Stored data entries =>
Segment Open
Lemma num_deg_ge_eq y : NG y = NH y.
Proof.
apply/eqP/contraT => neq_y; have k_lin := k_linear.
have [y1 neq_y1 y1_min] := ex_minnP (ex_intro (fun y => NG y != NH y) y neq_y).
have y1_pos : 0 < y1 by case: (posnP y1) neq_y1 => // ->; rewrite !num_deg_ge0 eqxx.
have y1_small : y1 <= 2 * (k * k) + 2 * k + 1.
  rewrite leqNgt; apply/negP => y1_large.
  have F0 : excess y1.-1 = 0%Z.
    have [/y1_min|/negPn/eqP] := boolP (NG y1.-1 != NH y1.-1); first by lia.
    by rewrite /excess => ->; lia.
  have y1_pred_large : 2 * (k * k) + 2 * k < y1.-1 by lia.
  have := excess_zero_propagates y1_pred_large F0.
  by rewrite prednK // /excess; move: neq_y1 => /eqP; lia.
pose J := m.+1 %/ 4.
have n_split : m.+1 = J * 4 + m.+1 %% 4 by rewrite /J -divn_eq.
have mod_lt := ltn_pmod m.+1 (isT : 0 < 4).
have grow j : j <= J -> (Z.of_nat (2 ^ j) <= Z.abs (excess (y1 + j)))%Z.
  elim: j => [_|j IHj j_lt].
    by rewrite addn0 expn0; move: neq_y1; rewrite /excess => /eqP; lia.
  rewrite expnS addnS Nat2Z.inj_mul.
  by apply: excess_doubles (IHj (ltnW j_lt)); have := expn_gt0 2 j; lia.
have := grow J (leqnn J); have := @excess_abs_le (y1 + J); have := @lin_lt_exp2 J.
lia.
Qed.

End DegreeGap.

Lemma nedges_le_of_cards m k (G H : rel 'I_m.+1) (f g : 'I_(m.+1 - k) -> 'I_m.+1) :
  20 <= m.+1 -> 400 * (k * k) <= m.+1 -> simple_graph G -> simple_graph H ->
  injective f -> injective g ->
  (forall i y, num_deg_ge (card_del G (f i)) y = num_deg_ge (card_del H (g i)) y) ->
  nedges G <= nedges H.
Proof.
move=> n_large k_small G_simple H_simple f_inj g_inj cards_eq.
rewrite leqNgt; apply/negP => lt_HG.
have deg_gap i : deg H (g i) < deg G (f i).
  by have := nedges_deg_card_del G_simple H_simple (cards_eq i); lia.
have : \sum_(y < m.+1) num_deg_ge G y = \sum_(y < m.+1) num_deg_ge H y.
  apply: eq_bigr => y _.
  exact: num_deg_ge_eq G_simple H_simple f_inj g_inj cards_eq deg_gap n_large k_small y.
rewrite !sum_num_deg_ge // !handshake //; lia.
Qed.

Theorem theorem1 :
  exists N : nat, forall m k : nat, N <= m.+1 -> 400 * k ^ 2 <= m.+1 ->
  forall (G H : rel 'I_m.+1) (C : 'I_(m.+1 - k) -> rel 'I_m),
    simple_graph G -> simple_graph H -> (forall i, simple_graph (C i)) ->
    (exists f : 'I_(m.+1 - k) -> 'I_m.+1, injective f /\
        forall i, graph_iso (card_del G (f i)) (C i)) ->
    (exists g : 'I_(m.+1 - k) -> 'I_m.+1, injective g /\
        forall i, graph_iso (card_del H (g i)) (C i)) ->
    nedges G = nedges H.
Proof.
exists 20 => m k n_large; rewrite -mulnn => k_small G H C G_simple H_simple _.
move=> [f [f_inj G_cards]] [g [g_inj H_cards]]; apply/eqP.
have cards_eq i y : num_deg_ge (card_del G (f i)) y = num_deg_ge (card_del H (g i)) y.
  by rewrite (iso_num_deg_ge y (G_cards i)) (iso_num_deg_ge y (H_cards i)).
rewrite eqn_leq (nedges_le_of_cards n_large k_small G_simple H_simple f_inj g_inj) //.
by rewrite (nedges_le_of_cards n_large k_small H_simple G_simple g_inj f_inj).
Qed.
Segment Closed
Your assignment => Lines from the one containing "have cards_eq i" through the last line of the data above are the only output wanted; restate them exactly.

Written solution =>
have cards_eq i y : num_deg_ge (card_del G (f i)) y = num_deg_ge (card_del H (g i)) y.
  by rewrite (iso_num_deg_ge y (G_cards i)) (iso_num_deg_ge y (H_cards i)).
rewrite eqn_leq (nedges_le_of_cards n_large k_small G_simple H_simple f_inj g_inj) //.
by rewrite (nedges_le_of_cards n_large k_small H_simple G_simple g_inj f_inj).
Qed.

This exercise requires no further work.